The Bank is in danger of offering an asymmetric bias in its approach towards inflation. The recent big increases in global commodity prices, alongside the lagged effects of sterling's huge decline in 2008, have raised goods inflation in the UK to a rate unprecedented since the Bank of England was granted independence in 1997. The Bank is effectively saying that these gains have to be absorbed in a temporary higher-than-target inflation rate because the output costs of driving inflation back down again in the near-term would simply be too great.

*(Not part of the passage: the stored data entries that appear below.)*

Definition signed_coord (s : H1 g) (k : 'I_(g + g)) : 'Z_8 :=
  (s 0 k == 1)%:R * sgnq (e k).

Lemma Cbar_lincomb s y :
  Cbar q (lincomb e s) y =
  combo q e (fun i => sgnq (lincomb e s) * signed_coord s i)
    (fun i j => - (sgnq (lincomb e s) * (signed_coord s i * signed_coord s j)))
    (fun i j k => sgnq (lincomb e s) * (signed_coord s i * signed_coord s j * signed_coord s k)) y.
Proof.
rewrite CbarE i_fun_lincomb combo_cubic.
rewrite (eq_cubic_var _ _ _ (x' := fun k => signed_coord s k * Cbar q (e k) y)); last first.
  by move=> k; rewrite CbarE /signed_coord -mulrA (mulrA (sgnq _)) sgnqK mul1r.
by rewrite cubic_scale_r cubic_scale_l; apply: eq_cubic => *; ring.
Qed.

Definition combo_span (f : Map g) := exists a b c, forall y, f y = combo q e a b c y.

Hypothesis e_sympl : symplectic_basis e.

Lemma in_span_combo_span f : in_span (Cbar q) f -> combo_span f.
Proof.
move=> [a fE]; do 3!eexists; move=> y.
rewrite fE (reindex (lincomb e)) /=; last exact/onW_bij/lincomb_bij.
under eq_bigr do rewrite Cbar_lincomb; exact: combo_suml.
Qed.

Lemma combo_direct a b c : (forall y, combo q e a b c y = 0) ->
  (forall (i : 'I_(g + g)) y, a i * gen1 q e i y = 0) /\
  (forall i j : 'I_(g + g), (i < j)%N -> forall y, b i j * gen2 q e i j y = 0) /\
  (forall i j k : 'I_(g + g), (i < j)%N -> (j < k)%N -> forall y,
     c i j k * gen3 q e i j k y = 0).
Proof.
pose eps k := sgnq (e k).
move=> combo0; have [T|a0 b0 c0] := cubic_indicator_eq0 (a := fun i => a i * eps i)
  (b := fun i j => b i j * 2%:R * (eps i * eps j))
  (c := fun i j k => c i j k * 4%:R * (eps i * eps j * eps k)).
  have [y yT] := basis_indicator e_sympl T.
  rewrite -(combo0 y) combo_cubic -cubic_scale_r.
  by apply: eq_cubic_var => k; rewrite CbarE yT.
split; first by move=> i y; rewrite /gen1 CbarE mulrA a0 mul0r.
split=> [i j ij y | i j k ij jk y].
  have -> : b i j * gen2 q e i j y =
    b i j * 2%:R * (eps i * eps j) * (i_fun (e i) y * i_fun (e j) y).
    by rewrite /gen2 !CbarE /eps; ring.
  by rewrite b0 ?mul0r.
have -> : c i j k * gen3 q e i j k y =
  c i j k * 4%:R * (eps i * eps j * eps k) * (i_fun (e i) y * i_fun (e j) y * i_fun (e k) y).
  by rewrite /gen3 !CbarE /eps; ring.
by rewrite c0 ?mul0r.
Qed.

Lemma Z8_natr_eq0 k : ((k%:R : 'Z_8) = 0) <-> (8 %| k)%N.
Proof. by rewrite /dvdn -val_Zp_nat //; split=> [->|/eqP k0] //; apply: val_inj. Qed.

Lemma has_order_witness (v : Map g) m d y0 (s : 'Z_8) :
  (d * m = 8)%N -> s * s = 1 -> v y0 = s * d%:R -> (forall y, v y *+ m = 0) ->
  has_order v m.
Proof.
move=> dm ss vy0 vm n; split=> [vn | /dvdnP[k ->] y]; last by rewrite mulnC mulrnA vm mul0rn.
have /Z8_natr_eq0 : (d * n)%:R = 0 :> 'Z_8.
  have := congr1 (fun z => s * z) (vn y0).
  by rewrite /= vy0 mulr0 -mulrnAr mulrA ss mul1r -mulr_natr -natrM.
by rewrite -dm dvdn_pmul2l //; case: d dm {vy0}.
Qed.

Lemma gen1_order i : has_order (gen1 q e i) 8.
Proof.
have [y1 y1E] := basis_indicator e_sympl setT.
apply: (has_order_witness (d := 1) (y0 := y1) (s := sgnq (e i))) => //.
- exact: sgnqK.
- by rewrite /gen1 CbarE y1E inE.
- by move=> y; rewrite -mulr_natr pchar_Zp // mulr0.
Qed.

Lemma gen2_order i j : has_order (gen2 q e i j) 4.
Proof.
have [y1 y1E] := basis_indicator e_sympl setT.
apply: (has_order_witness (d := 2) (y0 := y1) (s := sgnq (e i) * sgnq (e j))) => //.
- by rewrite mulrACA !sgnqK mulr1.
- by rewrite /gen2 !CbarE !y1E !inE /= mulr1n; ring.
- by move=> y; rewrite /gen2 -mulrnAl -mulrnA pchar_Zp // mul0r.
Qed.

Lemma gen3_order i j k : has_order (gen3 q e i j k) 2.
Proof.
have [y1 y1E] := basis_indicator e_sympl setT.
apply: (has_order_witness (d := 4) (y0 := y1)
  (s := sgnq (e i) * sgnq (e j) * sgnq (e k))) => //.
- by rewrite mulrACA sgnqK mulr1 mulrACA !sgnqK mulr1.
- by rewrite /gen3 !CbarE !y1E !inE /= mulr1n; ring.
- by move=> y; rewrite /gen3 -mulrnAl -mulrnA pchar_Zp // mul0r.
Qed.

End SatoImage.

Theorem mainTheorem11 (g : nat) (hg : (2 <= g)%N) (q : H1 g -> 'F_2)
  (e : 'I_(g + g) -> H1 g) :
  quad_form q -> symplectic_basis e ->
  (forall f : Map g, span_Cbar q f <->
     exists a b c, forall y, f y = combo q e a b c y) /\
  (forall a b c, (forall y, combo q e a b c y = 0) ->
     (forall (i : 'I_(g + g)) y, a i * gen1 q e i y = 0) /\
     (forall i j : 'I_(g + g), (i < j)%N -> forall y, b i j * gen2 q e i j y = 0) /\
     (forall i j k : 'I_(g + g), (i < j)%N -> (j < k)%N -> forall y, c i j k * gen3 q e i j k y = 0)) /\
  (forall i : 'I_(g + g), has_order (gen1 q e i) 8) /\
  (forall i j : 'I_(g + g), (i < j)%N -> has_order (gen2 q e i j) 4) /\
  (forall i j k : 'I_(g + g), (i < j)%N -> (j < k)%N -> has_order (gen3 q e i j k) 2).
Proof.
(* [span_Cbar q] is [in_span (Cbar q)] unfolded. *)
move=> _ e_sympl; split.
  move=> f; split; first exact: in_span_combo_span.
  by move=> [a [b [c fE]]]; apply: in_span_ext fE (combo_in_span q e a b c).
split; first exact: combo_direct.
split; first exact: gen1_order.
by split=> [i j _ | i j k _ _]; [exact: gen2_order | exact: gen3_order].
Qed.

Yet, when the Bank was confronted with the same situation in reverse in the first few years of the last decade – a period when goods prices were falling in response to a worldwide decline in the price of manufactured goods – it was far less willing to embrace a significant undershoot of inflation. While inflation was typically lower than target in the early years of Bank independence, the degree of undershoot was far less than the more recent degree of overshoot. Put another way, the Bank was happier to accept the growth benefits of a favourable external price shock than to accept the more recent growth costs of an unfavourable external cost shock.

The Bank's defence is to argue that it would have done nothing different two years ago had it known that inflation would subsequently have ended up so high. Up to a point, it's a perfectly reasonable argument. After all, would anyone have argued two years ago, at the height of the financial crisis, that the UK needed a big increase in interest rates to prevent inflation from rising? This, after all, was a time when most economists – myself included – thought the bigger risk to the UK economy was deflation, not inflation.

The problem, however, doesn't go away quite so easily. If the Bank is willing to accept large inflationary overshoots when global commodity prices are rising and VAT is going up, but willing to accept only small inflationary undershoots when faced with a more favourable set of circumstances, might the public begin to believe that the Bank is, on average, willing to tolerate an inflation rate higher than its 2 per cent target? If so, what then happens to inflation expectations for a given rate of economic growth? Mr King said in 2007 that inflationary expectations were well-anchored and that, because they were, the UK economy had enjoyed an exceptional period of stability. Today, the Bank has to confront an altogether more challenging environment. Yet, if inflationary expectations are cast adrift, at least part of the blame will lie with the MPC's performance in its early years when it was prepared to accept only small inflationary undershoots even though much of its initial success owed a great deal to global disinflationary trends which were beyond its control.